# A 4 months non-paid internship with a FMT is legal or illegal ?



## Mickaelfff (Apr 24, 2009)

Hello ! 

I got an offer, from a U.S. based company in Mexico D.F., for a non-paid "práctica profesional" in marketing/communication fields, from May to August 2009. (I am not anymore student).

I spend the last 2 months to try to be sponsorised for the FM3, however the company asked me yesterday to do my internship on my 6 months' FMT.

I have ever meet this situation in the past : 
I have worked for a chinese company in China, the HR Manager ask me to work without work visa ...and I got problems with the headquarters in HK and I could'nt a letter of reference.

Now, I really need this internship to extend my network and maybe to be transfered in September.

Please,
Is it legal to accomplish a <6 months non-paid internship, with a FMT Visa ?


----------



## sparks (Jun 17, 2007)

I'd guess you'd fall under this category which says you can do that for 30 days and then must get an FM3. Since it is legal for a time, not a Mexican company and you have a valid visa .... who's going to know. Legal, it sounds like not

Instituto Nacional de Migración


----------



## RVGRINGO (May 16, 2007)

Even volunteering for a charitable institution in Mexico requires a work permit on you FM3. Your FMT is strictly a 'tourist permit' with a maximum length of 180 days, or whatever shorter period is indicated on the form.


----------



## Rodrigo84 (Mar 5, 2008)

non-paid????

How are you supporting yourself?

Back to your question, at my cousin's company many, many years ago, they had undergraduate students come in for internships (in that case, the company provided for meals, housing, etc., but no pay). They came in on an FMT, but had to immediately file for an FM3 which was paid for and taken care of by the company.

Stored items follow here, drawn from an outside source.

(* Let $L_x=L_y=:L>0$, $L_{xy}\geq 0$, $0<\mu_x\leq L$, $0<\mu_y\leq L$, set $\mu=\min\{\mu_x,\mu_y\}$, and let $t\in\left(0, \tfrac{2\mu}{\mu L+L_{xy}^2}\right)$. Let $$ \alpha=1+\tfrac{1}{2}\left(L^2+\mu^2+2L_{xy}^2\right)t^2-(L+\mu)t +\tfrac{1}{2}(L-\mu)t\sqrt{(Lt + \mu t - 2)^2 + 4L_{xy}^2t^2}. $$ Then the bound $\|x^2-x^\star\|^2+\|y^2-y^\star\|^2\leq\alpha(\|x^1-x^\star\|^2+\|y^1-y^\star\|^2)$ for one step of the gradient descent-ascent method is exact: there exist $n,m$, a function $F\in\mathcal{F}(L_x, L_y, L_{xy}, \mu_x, \mu_y)$ on $\mathbb{R}^n\times\mathbb{R}^m$ with unique saddle point $(x^\star,y^\star)$, and an initial point $(x^1,y^1)\neq(x^\star,y^\star)$ such that $x^{2}=x^1-t\nabla_x F(x^1, y^1)$, $y^{2}=y^1+t\nabla_y F(x^1, y^1)$ satisfy $$ \|x^2-x^\star\|^2+\|y^2-y^\star\|^2= \alpha\left(\|x^1-x^\star\|^2+\|y^1-y^\star\|^2\right). $$
   Context: $\mathcal{F}(L_x, L_y, L_{xy}, \mu_x, \mu_y)$ denotes the set of differentiable $F:\mathbb{R}^n\times\mathbb{R}^m\to\mathbb{R}$ such that for all $x,x_1,x_2,y,y_1,y_2$: $\|\nabla_x F(x_2, y)-\nabla_x F(x_1, y)\|\leq L_x\|x_2-x_1\|$; $\|\nabla_y F(x, y_2)-\nabla_y F(x, y_1)\|\leq L_y\|y_2-y_1\|$; $\|\nabla_x F(x, y_2)-\nabla_x F(x, y_1)\|\leq L_{xy}\|y_2-y_1\|$; $\|\nabla_y F(x_2, y)-\nabla_y F(x_1, y)\|\leq L_{xy}\|x_2-x_1\|$; $F(\cdot, y)-\tfrac{\mu_x}{2}\|\cdot\|^2$ convex for every $y$ and $F(x,\cdot)+\tfrac{\mu_y}{2}\|\cdot\|^2$ concave for every $x$. A saddle point is $(x^\star,y^\star)$ with $F(x^\star, y)\leq F(x^\star, y^\star)\leq F(x, y^\star)$ for all $x,y$. *)

From HB Require Import structures.
From mathcomp Require Import all_boot all_order all_algebra.
From mathcomp Require Import all_classical all_reals all_analysis.
Set Implicit Arguments. Unset Strict Implicit. Unset Printing Implicit Defensive.
Import Order.TTheory GRing.Theory Num.Theory.
Import numFieldNormedType.Exports.
Local Open Scope ring_scope.

Section Defs.
Variable R : realType.

(* Euclidean norm on R^n (rows); the library's matrix norm is the sup norm. *)
Definition enorm (n : nat) (v : 'rV[R]_n) : R := Num.sqrt (\sum_(i < n) v 0 i ^+ 2).

Definition edot (n : nat) (u v : 'rV[R]_n) : R := \sum_(i < n) u 0 i * v 0 i.

Definition gradx (n m : nat) (F : 'rV[R]_n * 'rV[R]_m -> R) (p : 'rV[R]_n * 'rV[R]_m)
  : 'rV[R]_n := \row_(i < n) ('d F p (delta_mx 0 i, 0)).
Definition grady (n m : nat) (F : 'rV[R]_n * 'rV[R]_m -> R) (p : 'rV[R]_n * 'rV[R]_m)
  : 'rV[R]_m := \row_(j < m) ('d F p (0, delta_mx 0 j)).

Definition convex_on_Rn (n : nat) (f : 'rV[R]_n -> R) : Prop :=
  forall (a b : 'rV[R]_n) (s : R), 0 <= s -> s <= 1 ->
    f (s *: a + (1 - s) *: b) <= s * f a + (1 - s) * f b.

Definition in_class (n m : nat) (Lx Ly Lxy mux muy : R)
  (F : 'rV[R]_n * 'rV[R]_m -> R) : Prop :=
  (forall p, differentiable F p) /\
  (forall x1 x2 y, enorm (gradx F (x2, y) - gradx F (x1, y)) <= Lx * enorm (x2 - x1)) /\
  (forall x y1 y2, enorm (grady F (x, y2) - grady F (x, y1)) <= Ly * enorm (y2 - y1)) /\
  (forall x y1 y2, enorm (gradx F (x, y2) - gradx F (x, y1)) <= Lxy * enorm (y2 - y1)) /\
  (forall x1 x2 y, enorm (grady F (x2, y) - grady F (x1, y)) <= Lxy * enorm (x2 - x1)) /\
  (forall y, convex_on_Rn (fun x => F (x, y) - mux / 2 * enorm x ^+ 2)) /\
  (forall x, convex_on_Rn (fun y => - (F (x, y) + muy / 2 * enorm y ^+ 2))).

Definition saddle_point (n m : nat) (F : 'rV[R]_n * 'rV[R]_m -> R)
  (xs : 'rV[R]_n) (ys : 'rV[R]_m) : Prop :=
  forall x y, F (xs, y) <= F (xs, ys) /\ F (xs, ys) <= F (x, ys).

Definition gda_alpha (L Lxy mu t : R) : R :=
  1 + 2^-1 * (L ^+ 2 + mu ^+ 2 + 2 * Lxy ^+ 2) * t ^+ 2 - (L + mu) * t
    + 2^-1 * (L - mu) * t * Num.sqrt ((L * t + mu * t - 2) ^+ 2 + 4 * Lxy ^+ 2 * t ^+ 2).

End Defs.

From HB Require Import structures.
From mathcomp Require Import all_boot all_order all_algebra.
From mathcomp Require Import all_classical all_reals all_analysis.
From mathcomp Require Import ring lra.
Set Implicit Arguments. Unset Strict Implicit. Unset Printing Implicit Defensive.
Import Order.TTheory GRing.Theory Num.Theory.
Import numFieldNormedType.Exports.
Local Open Scope ring_scope.

(* The bound is attained by the quadratic F(x, y) = a/2 x^2 + b x y - c/2 y^2 on
   R x R, with b = L_xy and (a, c) = (mu_x, L) if mu = mu_x, (L, mu_y) otherwise;
   its only saddle point is the origin. One GDA step from (x, y) is
   the linear map with matrix M = [[1 - t a, - t b], [t b, 1 - t c]], so the
   squared distance to the origin after the step is the quadratic form of M^T M,
   whose largest eigenvalue is alpha; starting from an eigenvector for it gives
   equality. *)

Definition max_eigen2 {R : rcfType} (p q r : R) : R :=
  (p + r) / 2 + Num.sqrt (((p - r) / 2) ^+ 2 + q ^+ 2).

Lemma max_eigen2_attained (R : rcfType) (p q r : R) :
  exists v1 v2 : R, (v1, v2) != (0, 0) /\
    p * v1 ^+ 2 + 2 * q * v1 * v2 + r * v2 ^+ 2 = max_eigen2 p q r * (v1 ^+ 2 + v2 ^+ 2).
Proof.
rewrite /max_eigen2; have [->|q0] := eqVneq q 0.
  rewrite expr0n addr0 sqrtr_sqr.
  have [rp|pr] := lerP r p; [exists 1, 0 | exists 0, 1].
    by rewrite xpair_eqE oner_eq0 ger0_norm; [split=> //; field | lra].
  by rewrite xpair_eqE oner_eq0 andbF ltr0_norm; [split=> //; field | lra].
set D := Num.sqrt _.
have D2 : D ^+ 2 = ((p - r) / 2) ^+ 2 + q ^+ 2.
  by rewrite sqr_sqrtr // addr_ge0 ?sqr_ge0.
exists q, ((p + r) / 2 + D - p); split; first by rewrite xpair_eqE negb_and q0.
apply/eqP; rewrite -subr_eq0; apply/eqP.
transitivity (((p + r) / 2 + D - p) * (((p - r) / 2) ^+ 2 + q ^+ 2 - D ^+ 2)).
  by field.
by rewrite D2 subrr mulr0.
Qed.

Section Euclidean.
Variable R : realType.

Lemma enormZ (n : nat) (k : R) (v : 'rV[R]_n) : enorm (k *: v) = `|k| * enorm v.
Proof.
rewrite /enorm; under eq_bigr do rewrite mxE exprMn.
by rewrite -mulr_sumr sqrtrM ?sqr_ge0 // sqrtr_sqr.
Qed.

Lemma enorm1_sqr (v : 'rV[R]_1) : enorm v ^+ 2 = v 0 0 ^+ 2.
Proof. by rewrite /enorm big_ord1 sqr_sqrtr // sqr_ge0. Qed.

Lemma convex_on_Rn_quadratic1 (k l e : R) : 0 <= k ->
  convex_on_Rn (fun x : 'rV[R]_1 => k * x 0 0 ^+ 2 + l * x 0 0 + e).
Proof.
move=> k0 A B s s0 s1; rewrite !mxE -subr_ge0.
set u := A 0 0; set w := B 0 0.
have -> : s * (k * u ^+ 2 + l * u + e) + (1 - s) * (k * w ^+ 2 + l * w + e)
  - (k * (s * u + (1 - s) * w) ^+ 2 + l * (s * u + (1 - s) * w) + e)
  = k * s * (1 - s) * (u - w) ^+ 2 by ring.
by rewrite mulr_ge0 ?sqr_ge0 // mulr_ge0 ?subr_ge0 // mulr_ge0.
Qed.

Lemma is_diff_linear (U V : normedModType R) (f : U -> V) x :
  linear f -> continuous f -> is_diff x f f.
Proof.
move=> lin cf.
pose fL : {linear U -> V} := HB.pack f (GRing.isLinear.Build _ _ _ _ _ lin).
change (is_diff x (fL : U -> V) fL).
by apply: DiffDef; [exact: linear_differentiable | exact: diff_lin].
Qed.

End Euclidean.

Lemma eq0_of_le_sqr (R : realFieldType) (k g : R) :
  0 <= k -> (forall d, g * d <= k * d ^+ 2) -> g = 0.
Proof.
move=> k0 gle; have k1 : k + 1 != 0 by rewrite gt_eqF //; lra.
have := gle (g / (k + 1)).
have -> : k * (g / (k + 1)) ^+ 2 = g * (g / (k + 1)) - (g / (k + 1)) ^+ 2 by field.
rewrite lerBrDr gerDl => d2.
have /eqP : g / (k + 1) = 0 by apply/eqP; rewrite -sqrf_eq0 eq_le d2 sqr_ge0.
by rewrite mulf_eq0 invr_eq0 (negPf k1) orbF => /eqP.
Qed.

Section SaddleQuadratic.
Variable R : realType.

Definition coordx (p : 'rV[R]_1 * 'rV[R]_1) : R := p.1 0 0.
Definition coordy (p : 'rV[R]_1 * 'rV[R]_1) : R := p.2 0 0.

Global Instance is_diff_coordx p : is_diff p coordx coordx.
Proof.
apply: is_diff_linear; first by move=> k u v; rewrite /coordx !mxE.
move=> q; apply: (@continuous_comp _ _ _ fst (fun M : 'rV[R]_1 => M 0 0)).
  exact: cvg_fst.
exact: coord_continuous.
Qed.

Global Instance is_diff_coordy p : is_diff p coordy coordy.
Proof.
apply: is_diff_linear; first by move=> k u v; rewrite /coordy !mxE.
move=> q; apply: (@continuous_comp _ _ _ snd (fun M : 'rV[R]_1 => M 0 0)).
  exact: cvg_snd.
exact: coord_continuous.
Qed.

Variables a b c : R.

Definition saddle_quad : 'rV[R]_1 * 'rV[R]_1 -> R :=
  (a / 2) *: (coordx * coordx) + b *: (coordx * coordy) - (c / 2) *: (coordy * coordy).

Lemma saddle_quadE x y :
  saddle_quad (x, y) = a / 2 * x 0 0 ^+ 2 + b * x 0 0 * y 0 0 - c / 2 * y 0 0 ^+ 2.
Proof. by rewrite /saddle_quad !fctE /coordx /coordy /= -![_ *: _]/(_ * _); ring. Qed.

Lemma differentiable_saddle_quad p : differentiable saddle_quad p.
Proof. exact: ex_diff. Qed.

Lemma diff_saddle_quad p h : 'd saddle_quad p h =
  a * coordx p * coordx h + b * (coordx p * coordy h + coordy p * coordx h)
  - c * coordy p * coordy h.
Proof. by rewrite /saddle_quad diff_val /= !fctE /= -![_ *: _]/(_ * _); field. Qed.

Lemma gradx_saddle_quad x y : gradx saddle_quad (x, y) = a *: x + b *: y.
Proof.
apply/rowP => j; rewrite ord1 !mxE diff_saddle_quad /coordx /coordy /= !mxE /=.
by ring.
Qed.

Lemma grady_saddle_quad x y : grady saddle_quad (x, y) = b *: x - c *: y.
Proof.
apply/rowP => j; rewrite ord1 !mxE diff_saddle_quad /coordx /coordy /= !mxE /=.
by ring.
Qed.

Lemma saddle_quad_in_class (Lx Ly Lxy mux muy : R) :
  `|a| <= Lx -> `|c| <= Ly -> `|b| <= Lxy -> mux <= a -> muy <= c ->
  in_class Lx Ly Lxy mux muy saddle_quad.
Proof.
move=> aLx cLy bLxy muxa muyc.
have lipschitz1 k K (v w : 'rV[R]_1) :
    `|k| <= K -> v 0 0 = k * w 0 0 -> enorm v <= K * enorm w.
  move=> kK vkw; have -> : v = k *: w by apply/rowP => j; rewrite ord1 mxE.
  by rewrite enormZ ler_wpM2r // sqrtr_ge0.
split; first exact: differentiable_saddle_quad.
split.
  by move=> x1 x2 y; apply: lipschitz1 aLx _; rewrite !gradx_saddle_quad !mxE; ring.
split.
  move=> x y1 y2; apply: (lipschitz1 (- c)); first by rewrite normrN.
  by rewrite !grady_saddle_quad !mxE; ring.
split.
  by move=> x y1 y2; apply: lipschitz1 bLxy _; rewrite !gradx_saddle_quad !mxE; ring.
split.
  by move=> x1 x2 y; apply: lipschitz1 bLxy _; rewrite !grady_saddle_quad !mxE; ring.
split.
  move=> y; have -> : (fun x => saddle_quad (x, y) - mux / 2 * enorm x ^+ 2) =
      (fun x => (a - mux) / 2 * x 0 0 ^+ 2 + b * y 0 0 * x 0 0 + - (c / 2 * y 0 0 ^+ 2)).
    by apply: funext => x; rewrite saddle_quadE enorm1_sqr; ring.
  by apply: convex_on_Rn_quadratic1; lra.
move=> x; have -> : (fun y => - (saddle_quad (x, y) + muy / 2 * enorm y ^+ 2)) =
    (fun y => (c - muy) / 2 * y 0 0 ^+ 2 + - b * x 0 0 * y 0 0 + - (a / 2 * x 0 0 ^+ 2)).
  by apply: funext => y; rewrite saddle_quadE enorm1_sqr; ring.
by apply: convex_on_Rn_quadratic1; lra.
Qed.

Lemma saddle_point_saddle_quad0 : 0 <= a -> 0 <= c -> saddle_point saddle_quad 0 0.
Proof.
move=> a0 c0 x y; rewrite !saddle_quadE !mxE.
have := sqr_ge0 (x 0 0); have := sqr_ge0 (y 0 0); nra.
Qed.

Lemma saddle_point_saddle_quad_unique xs ys : 0 < a -> 0 < c ->
  saddle_point saddle_quad xs ys -> xs = 0 /\ ys = 0.
Proof.
move=> a0 c0 sp; set X := xs 0 0; set Y := ys 0 0.
have gy0 : b * X - c * Y = 0.
  apply: (@eq0_of_le_sqr _ (c / 2)) => [|d]; first lra.
  have [+ _] := sp xs (ys + const_mx d); rewrite !saddle_quadE !mxE -/X -/Y.
  lra.
have gx0 : a * X + b * Y = 0.
  apply/eqP; rewrite -oppr_eq0; apply/eqP.
  apply: (@eq0_of_le_sqr _ (a / 2)) => [|d]; first lra.
  have [_ +] := sp (xs + const_mx d) ys; rewrite !saddle_quadE !mxE -/X -/Y.
  lra.
have X0 : X = 0.
  have acb : 0 < a * c + b ^+ 2 by rewrite ltr_pwDl ?sqr_ge0 ?mulr_gt0.
  apply: (mulIf (lt0r_neq0 acb)); rewrite mul0r.
  transitivity (c * (a * X + b * Y) + b * (b * X - c * Y)); first by ring.
  by rewrite gx0 gy0; ring.
have Y0 : Y = 0.
  by apply: (mulfI (lt0r_neq0 c0)); move: gy0; rewrite X0 !mulr0; lra.
by split; apply/rowP => j; rewrite ord1 mxE.
Qed.

Lemma gda_step_saddle_quad (t : R) x y :
  enorm (x - t *: gradx saddle_quad (x, y)) ^+ 2
    + enorm (y + t *: grady saddle_quad (x, y)) ^+ 2 =
  ((1 - t * a) ^+ 2 + (t * b) ^+ 2) * x 0 0 ^+ 2
    + 2 * (t ^+ 2 * b * (a - c)) * x 0 0 * y 0 0
    + ((t * b) ^+ 2 + (1 - t * c) ^+ 2) * y 0 0 ^+ 2.
Proof.
by rewrite gradx_saddle_quad grady_saddle_quad !enorm1_sqr !mxE; ring.
Qed.

End SaddleQuadratic.

Lemma gda_alpha_max_eigen2 (R : realType) (L mu a b c t : R) :
  mu <= L -> 0 <= t -> a + c = L + mu -> (a - c) ^+ 2 = (L - mu) ^+ 2 ->
  gda_alpha L b mu t = max_eigen2 ((1 - t * a) ^+ 2 + (t * b) ^+ 2)
    (t ^+ 2 * b * (a - c)) ((t * b) ^+ 2 + (1 - t * c) ^+ 2).
Proof.
move=> muL t0 acE acD; rewrite /max_eigen2.
have -> :
    (((1 - t * a) ^+ 2 + (t * b) ^+ 2 - ((t * b) ^+ 2 + (1 - t * c) ^+ 2)) / 2) ^+ 2
    + (t ^+ 2 * b * (a - c)) ^+ 2
  = ((L - mu) * t / 2) ^+ 2 * ((L * t + mu * t - 2) ^+ 2 + 4 * b ^+ 2 * t ^+ 2).
  transitivity ((a - c) ^+ 2 * (t ^+ 2 * (2 - (a + c) * t) ^+ 2 / 4 + t ^+ 4 * b ^+ 2)).
    by field.
  by rewrite acE acD; field.
rewrite sqrtrM ?sqr_ge0 // sqrtr_sqr ger0_norm; last first.
  by rewrite divr_ge0 // mulr_ge0 // subr_ge0.
have a2c2 : a ^+ 2 + c ^+ 2 = L ^+ 2 + mu ^+ 2.
  transitivity (((a + c) ^+ 2 + (a - c) ^+ 2) / 2); first by field.
  by rewrite acE acD; field.
rewrite /gda_alpha; apply/eqP; rewrite -subr_eq0; apply/eqP.
transitivity ((L ^+ 2 + mu ^+ 2 - (a ^+ 2 + c ^+ 2)) * t ^+ 2 / 2
  - (L + mu - (a + c)) * t); first by field.
by rewrite a2c2 acE !subrr; ring.
Qed.

Theorem proposition2p4 (R : realType) (L Lxy mux muy t : R) :
  0 < L -> 0 <= Lxy -> 0 < mux -> mux <= L -> 0 < muy -> muy <= L ->
  0 < t -> t < 2 * Num.min mux muy / (Num.min mux muy * L + Lxy ^+ 2) ->
  exists (n m : nat) (F : 'rV[R]_n * 'rV[R]_m -> R)
         (xs : 'rV[R]_n) (ys : 'rV[R]_m) (x1 : 'rV[R]_n) (y1 : 'rV[R]_m),
    in_class L L Lxy mux muy F /\
    saddle_point F xs ys /\
    (forall xs' ys', saddle_point F xs' ys' -> xs' = xs /\ ys' = ys) /\
    (x1, y1) <> (xs, ys) /\
    let x2 := x1 - t *: gradx F (x1, y1) in
    let y2 := y1 + t *: grady F (x1, y1) in
    enorm (x2 - xs) ^+ 2 + enorm (y2 - ys) ^+ 2 =
      gda_alpha L Lxy (Num.min mux muy) t * (enorm (x1 - xs) ^+ 2 + enorm (y1 - ys) ^+ 2).
Proof.
move=> L0 Lxy0 mux0 muxL muy0 muyL t0 _; set mu := Num.min mux muy.
have [a [c [a0 c0 /andP[muxa aL] /andP[muyc cL] [acE acD]]]] : exists a c,
    [/\ 0 < a, 0 < c, mux <= a <= L, muy <= c <= L
      & a + c = L + mu /\ (a - c) ^+ 2 = (L - mu) ^+ 2].
  rewrite /mu; have [muxy|muyx] := lerP mux muy.
    by exists mux, L; rewrite !lexx muxL muyL; split=> //; split; ring.
  by exists L, muy; rewrite !lexx muxL muyL.
have muL : mu <= L by rewrite ge_min muxL.
pose F := saddle_quad a Lxy c.
have [v1 [v2 [v0 eigv]]] := max_eigen2_attained ((1 - t * a) ^+ 2 + (t * Lxy) ^+ 2)
  (t ^+ 2 * Lxy * (a - c)) ((t * Lxy) ^+ 2 + (1 - t * c) ^+ 2).
exists 1%N, 1%N, F, 0, 0, (const_mx v1), (const_mx v2).
split; first by apply: saddle_quad_in_class; rewrite ?ger0_norm //; exact: ltW.
split; first by apply: saddle_point_saddle_quad0; exact: ltW.
split; first by move=> xs ys; apply: saddle_point_saddle_quad_unique.
split.
  case=> /rowP/(_ 0) + /rowP/(_ 0); rewrite !mxE => v10 v20.
  by rewrite v10 v20 eqxx in v0.
rewrite /= !subr0 gda_step_saddle_quad !enorm1_sqr !mxE eigv.
by rewrite (gda_alpha_max_eigen2 _ muL (ltW t0) acE acD).
Qed.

I am aware that even students who come in for even a summer term have to get a student visa.


----------



## Mickaelfff (Apr 24, 2009)

Hi - thanks for answering,
yes I have to support myself - if I can't get any work experience before september I will be in big big trouble.

so far, it sounds illegal so.
I can't understand why they can't get the FM-3. I got this problem with 4 companies.


----------



## Rodrigo84 (Mar 5, 2008)

Mickaelfff said:


> Hi - thanks for answering,
> yes I have to support myself - if I can't get any work experience before september I will be in big big trouble.
> 
> so far, it sounds illegal so.
> I can't understand why they can't get the FM-3. I got this problem with 4 companies.


I am not sure why the company is giving you so many problems. True, there are some fees that have to be paid to the government and/or attorney to get it going (and I am sure if you did this, the company shouldn't have any problem). All the company really needs to do is sign off on a letter petitioning the government for you to be in the internship. The FM3 for a working persons has no lower limit as far as the amount of money that one has to earn per month, unlike one who is retired and has to show a minimum amount per month. I am not sure if it is your company that doesn't want to shell out money to do it, including an attorney, or what.


----------